Classical versus Transparent IP Proxies
RFC 1919
| Document | Type |
RFC - Informational
(March 1996; No errata)
Was draft-rfced-info-chatel (individual)
|
|
|---|---|---|---|
| Author | Marc Chatel | ||
| Last updated | 2013-03-02 | ||
| Stream | Legacy stream | ||
| Formats | plain text html pdf htmlized (tools) htmlized bibtex | ||
| Stream | Legacy state | (None) | |
| Consensus Boilerplate | Unknown | ||
| RFC Editor Note | (None) | ||
| IESG | IESG state | RFC 1919 (Informational) | |
| Telechat date | |||
| Responsible AD | (None) | ||
| Send notices to | (None) | ||
Network Working Group M. Chatel
Request for Comments: 1919 Consultant
Category: Informational March 1996
Classical versus Transparent IP Proxies
Status of this Memo
This memo provides information for the Internet community. This memo
does not specify an Internet standard of any kind. Distribution of
this memo is unlimited.
Abstract
Many modern IP security systems (also called "firewalls" in the
trade) make use of proxy technology to achieve access control. This
document explains "classical" and "transparent" proxy techniques and
attempts to provide rules to help determine when each proxy system
may be used without causing problems.
Table of Contents
1. Background . . . . . . . . . . . . . . . . . . . . . . . . . 2
2. Direct communication (without a proxy) . . . . . . . . . . . 3
2.1. Direct connection example . . . . . . . . . . . . . . . . 3
2.2. Requirements of direct communication . . . . . . . . . . . 5
3. Classical application proxies . . . . . . . . . . . . . . 5
3.1. Classical proxy session example . . . . . . . . . . . . . 6
3.2. Characteristics of classical proxy configurations . . . 12
3.2.1. IP addressing and routing requirements . . . . . . . . 12
3.2.2. IP address hiding . . . . . . . . . . . . . . . . . . 14
3.2.3. DNS requirements . . . . . . . . . . . . . . . . . . . 14
3.2.4. Software requirements . . . . . . . . . . . . . . . . 15
3.2.5. Impact of a classical proxy on packet filtering . . . 15
3.2.6. Interconnection of conflicting IP networks . . . . . . 16
4. Transparent application proxies . . . . . . . . . . . . . 19
4.1. Transparent proxy connection example . . . . . . . . . . 20
4.2. Characteristics of transparent proxy configurations . . 26
4.2.1. IP addressing and routing requirements . . . . . . . . 26
4.2.2. IP address hiding . . . . . . . . . . . . . . . . . . 28
4.2.3. DNS requirements . . . . . . . . . . . . . . . . . . . 28
4.2.4. Software requirements . . . . . . . . . . . . . . . . 29
4.2.5. Impact of a transparent proxy on packet filtering . . 30
4.2.6. Interconnection of conflicting IP networks . . . . . . 31
5. Comparison chart of classical and transparent proxies . . 31
6. Improving transparent proxies . . . . . . . . . . . . . . 32
7. Security Considerations . . . . . . . . . . . . . . . . . 34
Chatel Informational [Page 1]
RFC 1919 Classical versus Transparent IP Proxies March 1996
8. Acknowledgements . . . . . . . . . . . . . . . . . . . . . 34
9. References . . . . . . . . . . . . . . . . . . . . . . . . 35
1. Background
An increasing number of organizations use IP security systems to
provide specific access control when crossing network security
perimeters. These systems are often deployed at the network boundary
between two organizations (which may be part of the same "official"
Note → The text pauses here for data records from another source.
(* Let $\sigma=(a_1,\ldots,a_s)$ be a partition of $r$ with $a_1\ge a_2\ge\cdots\ge a_s\ge1$ and let $H=H(n,r,q\mid\sigma)$ have classes $V_1,\ldots,V_n$. Let $B\subseteq V(H)$, let $B_i=B\cap V_i$ and $b_i=|B_i|$, where the classes are labelled so that $b_1\ge b_2\ge\cdots\ge b_n$. Let $E^*$ be an edge of $H$ such that for each $1\le i\le s$ the set $A_i=E^*\cap V_i$ has $|A_i|=a_i$, with $A_i\subseteq B_i$ when $a_i<b_i$ and $B_i\subseteq A_i$ when $a_i\ge b_i$. Then \[|E^*\cap B|=\max\{|E\cap B| : E\in E(H)\}.\]
   Context: A $\sigma$-hypergraph $H=H(n,r,q\mid\sigma)$, for a partition $\sigma=(a_1,\ldots,a_s)$ of $r$, is the $r$-uniform hypergraph whose vertex set is the disjoint union of $n$ classes $V_1,\ldots,V_n$, each of size $q$; an $r$-subset $K$ of vertices is an edge iff the multiset of non-zero values $|K\cap V_i|$ ($1\le i\le n$) equals $\sigma$. $E(H)$ denotes the edge set. *)

From mathcomp Require Import all_boot.
Set Implicit Arguments. Unset Strict Implicit. Unset Printing Implicit Defensive.

(* Vertices of H(n,r,q|sigma): pairs (i, x) with i : 'I_n the class index
   (class V_{i+1}) and x : 'I_q the position inside the class. *)
Definition vtx (n q : nat) := ('I_n * 'I_q)%type.

Definition cls (n q : nat) (K : {set vtx n q}) (i : 'I_n) : {set vtx n q} :=
  [set v in K | v.1 == i].

Definition is_partition (r : nat) (sigma : seq nat) : Prop :=
  sumn sigma = r /\ all (fun a => 0 < a) sigma /\ sorted geq sigma.

Definition is_edge (n r q : nat) (sigma : seq nat) (K : {set vtx n q}) : bool :=
  (#|K| == r) &&
  perm_eq [seq k <- [seq #|cls K i| | i <- enum 'I_n] | k != 0] sigma.

From mathcomp Require Import all_boot.
From mathcomp Require Import zify.

Set Implicit Arguments.
Unset Strict Implicit.
Unset Printing Implicit Defensive.

(* Count by layers: min(x, y) is the number of levels t with t < x and t < y.
   Summing over the classes and exchanging the sums, sum_i min(|E_i ∩ V_i|, b_i)
   becomes a sum over t of the number of classes above level t in both
   sequences, which is at most the minimum of the two level-set sizes.  For an
   edge E these sizes are those of sigma, whatever E is; and for the sorted
   sequences a_i and b_i the level sets are nested, so the minimum is attained.
   Hence sum_i min(a_i, b_i) bounds |E ∩ B| for every edge, and E* attains it. *)

Definition nonincreasing n (f : 'I_n -> nat) :=
  forall i j : 'I_n, i <= j -> f j <= f i.

Definition level n (f : 'I_n -> nat) (t : nat) : {set 'I_n} := [set i | t < f i].

Lemma sum_ltn_ord (x N : nat) : \sum_(t < N) (t < x) = minn x N.
Proof.
elim: N => [|N IH]; first by rewrite big_ord0 minn0.
by rewrite big_ord_recr /= IH; case: (ltnP N x) => /=; lia.
Qed.

Lemma sum_nat_of_bool_card n (P : pred 'I_n) : \sum_i P i = #|P|.
Proof.
rewrite -sum1_card [RHS]big_mkcond.
by apply: eq_bigr => i _; rewrite unfold_in; case: (P i).
Qed.

Lemma sum_minn_card_levels n (f g : 'I_n -> nat) (N : nat) :
  (forall i, f i <= N) -> (forall i, g i <= N) ->
  \sum_i minn (f i) (g i) = \sum_(t < N) #|level f t :&: level g t|.
Proof.
move=> fN gN.
rewrite (eq_bigr (fun i => \sum_(t < N) ((t < f i) && (t < g i)))); last first.
  move=> i _; rewrite -(minn_idPl (leq_trans (geq_minl _ _) (fN i))) -sum_ltn_ord.
  by apply: eq_bigr => t _; rewrite leq_min.
rewrite exchange_big; apply: eq_bigr => t _.
by rewrite sum_nat_of_bool_card; apply: eq_card => i; rewrite !inE.
Qed.

Lemma card_setI_comparable (T : finType) (A C : {set T}) :
  (A \subset C) || (C \subset A) -> #|A :&: C| = minn #|A| #|C|.
Proof.
case/orP => sAC.
  by rewrite (setIidPl sAC); apply/esym/minn_idPl/subset_leq_card.
by rewrite (setIidPr sAC); apply/esym/minn_idPr/subset_leq_card.
Qed.

Lemma level_comparable n (f g : 'I_n -> nat) (t : nat) :
  nonincreasing f -> nonincreasing g ->
  (level f t \subset level g t) || (level g t \subset level f t).
Proof.
move=> f_dec g_dec; case/boolP: (_ \subset _) => //= /subsetPn [i fi gi].
apply/subsetP => j gj; move: fi gi gj; rewrite !inE => fi gi gj.
case: (leqP i j) => [/g_dec | /ltnW /f_dec]; lia.
Qed.

Lemma sum_minn_rearrangement n (f a b : 'I_n -> nat) :
  nonincreasing a -> nonincreasing b ->
  (forall t, #|level f t| = #|level a t|) ->
  \sum_i minn (f i) (b i) <= \sum_i minn (a i) (b i).
Proof.
move=> a_dec b_dec same_levels.
set N := \max_i (f i + a i + b i).
have bound i : f i + a i + b i <= N by exact: leq_bigmax.
rewrite !(@sum_minn_card_levels _ _ _ N) => [|i|i|i|i];
  try by have := bound i; lia.
apply: leq_sum => t _.
rewrite (card_setI_comparable (level_comparable t a_dec b_dec)) -same_levels.
by rewrite leq_min !subset_leq_card ?subsetIl ?subsetIr.
Qed.

Section EdgeLevels.

Variables (n q : nat).

Lemma card_cls_sum (A : {set vtx n q}) : #|A| = \sum_i #|cls A i|.
Proof.
rewrite -sum1_card (partition_big (fun v : vtx n q => v.1) xpredT) //=.
by apply: eq_bigr => i _; rewrite -sum1_card; apply: eq_bigl => v; rewrite !inE.
Qed.

Lemma cls_setI (K L : {set vtx n q}) (i : 'I_n) :
  cls (K :&: L) i = cls K i :&: cls L i.
Proof. by apply/setP => v; rewrite !inE andbACA andbb. Qed.

Lemma card_level_count (f : 'I_n -> nat) (t : nat) :
  #|level f t| = count (fun k => t < k) [seq f i | i <- enum 'I_n].
Proof.
rewrite count_map cardsE cardE /enum_mem size_filter /= -enumT count_filter.
by apply: eq_count => i; rewrite /= andbT.
Qed.

Variables (r : nat) (sigma : seq nat).

Lemma size_partition_edge (E : {set vtx n q}) :
  is_edge r sigma E -> size sigma <= n.
Proof.
case/andP => _ /perm_size <-.
by rewrite size_filter (leq_trans (count_size _ _)) // size_map size_enum_ord.
Qed.

Lemma card_level_edge (E : {set vtx n q}) (t : nat) :
  is_edge r sigma E ->
  #|level (fun i => #|cls E i|) t| = count (fun k => t < k) sigma.
Proof.
case/andP => _ /permP <-; rewrite card_level_count count_filter.
by apply: eq_count => -[|k] /=; rewrite ?andbT.
Qed.

Lemma card_level_nth (t : nat) : size sigma <= n ->
  #|level (fun i : 'I_n => nth 0 sigma i) t| = count (fun k => t < k) sigma.
Proof.
move=> sigma_n; rewrite card_level_count.
have -> : [seq nth 0 sigma i | i : 'I_n <- enum 'I_n] = mkseq (nth 0 sigma) n.
  by rewrite /mkseq -val_enum_ord -map_comp.
rewrite -(subnKC sigma_n) /mkseq iotaD map_cat count_cat -/(mkseq _ _) mkseq_nth.
rewrite -[RHS]addn0; congr (_ + _).
apply/eqP; rewrite count_map -leqn0 leqNgt -has_count.
by apply/hasPn => i; rewrite mem_iota => /andP [i_ge _] /=; rewrite nth_default.
Qed.

End EdgeLevels.

Lemma nth_partition_nonincreasing (n r : nat) (sigma : seq nat) :
  is_partition r sigma -> nonincreasing (fun i : 'I_n => nth 0 sigma i).
Proof.
case=> _ [_ sorted_sigma] i j ij /=.
case: (ltnP j (size sigma)) => j_lt; last by rewrite nth_default.
have geq_trans : transitive geq by move=> x y z /= yx zy; apply: leq_trans zy yx.
have i_lt := leq_ltn_trans ij j_lt.
by have := sorted_leq_nth geq_trans leqnn 0 sorted_sigma i j i_lt j_lt ij.
Qed.

Theorem lemma2p4 (n r q : nat) (sigma : seq nat)
  (Hsigma : is_partition r sigma)
  (B : {set vtx n q})
  (Hb : forall i j : 'I_n, i <= j -> #|cls B j| <= #|cls B i|)
  (Estar : {set vtx n q})
  (HE : is_edge r sigma Estar)
  (HA : forall i : 'I_n, i < size sigma ->
     #|cls Estar i| = nth 0 sigma i /\
     (if nth 0 sigma i < #|cls B i| then cls Estar i \subset cls B i
      else cls B i \subset cls Estar i)) :
  #|Estar :&: B| = \max_(E : {set vtx n q} | is_edge r sigma E) #|E :&: B|.
Proof.
set a := fun i : 'I_n => nth 0 sigma i.
set b := fun i : 'I_n => #|cls B i|.
have edge_le E : is_edge r sigma E -> #|E :&: B| <= \sum_i minn (a i) (b i).
  move=> edgeE; rewrite card_cls_sum.
  apply: (@leq_trans (\sum_i minn #|cls E i| (b i))).
    apply: leq_sum => i _; rewrite cls_setI leq_min.
    by rewrite !subset_leq_card ?subsetIl ?subsetIr.
  apply: sum_minn_rearrangement (nth_partition_nonincreasing Hsigma) Hb _ => t.
  rewrite (card_level_edge _ edgeE) card_level_nth //.
  exact: size_partition_edge HE.
have Estar_ge : \sum_i minn (a i) (b i) <= #|Estar :&: B|.
  rewrite card_cls_sum; apply: leq_sum => i _; rewrite cls_setI.
  case: (ltnP i (size sigma)) => i_lt; last by rewrite /a nth_default ?min0n.
  have [card_Ei sub_Ei] := HA i i_lt.
  have -> : a i = #|cls Estar i| by rewrite card_Ei.
  rewrite card_setI_comparable //.
  by move: sub_Ei; case: ifP => _ ->; rewrite ?orbT.
apply/eqP; rewrite eqn_leq (leq_bigmax_cond _ HE) /=.
by apply/bigmax_leqP => E edgeE; apply: leq_trans (edge_le E edgeE) Estar_ge.
Qed.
entity), or between an organization's network and a large public
internetwork such as the Internet.
Some people believe that IP firewalls will become commodity products.
Others believe that the introduction of IPv6 and of its improved
security capabilities will gradually make firewalls look like stopgap
solutions, and therefore irrelevant to the computer networking scene.
In any case, it is currently important to examine the impact of
inserting (and removing) a firewall at a network boundary, and to
verify whether specific types of firewall technologies may have
different effects on typical small and large IP networks.
Current firewall designs usually rely on packet filtering, proxy
technology, or a combination of both. Packet filtering (although hard
to configure correctly in a security sense) is now a well documented
technology whose strengths and weaknesses are reasonably understood.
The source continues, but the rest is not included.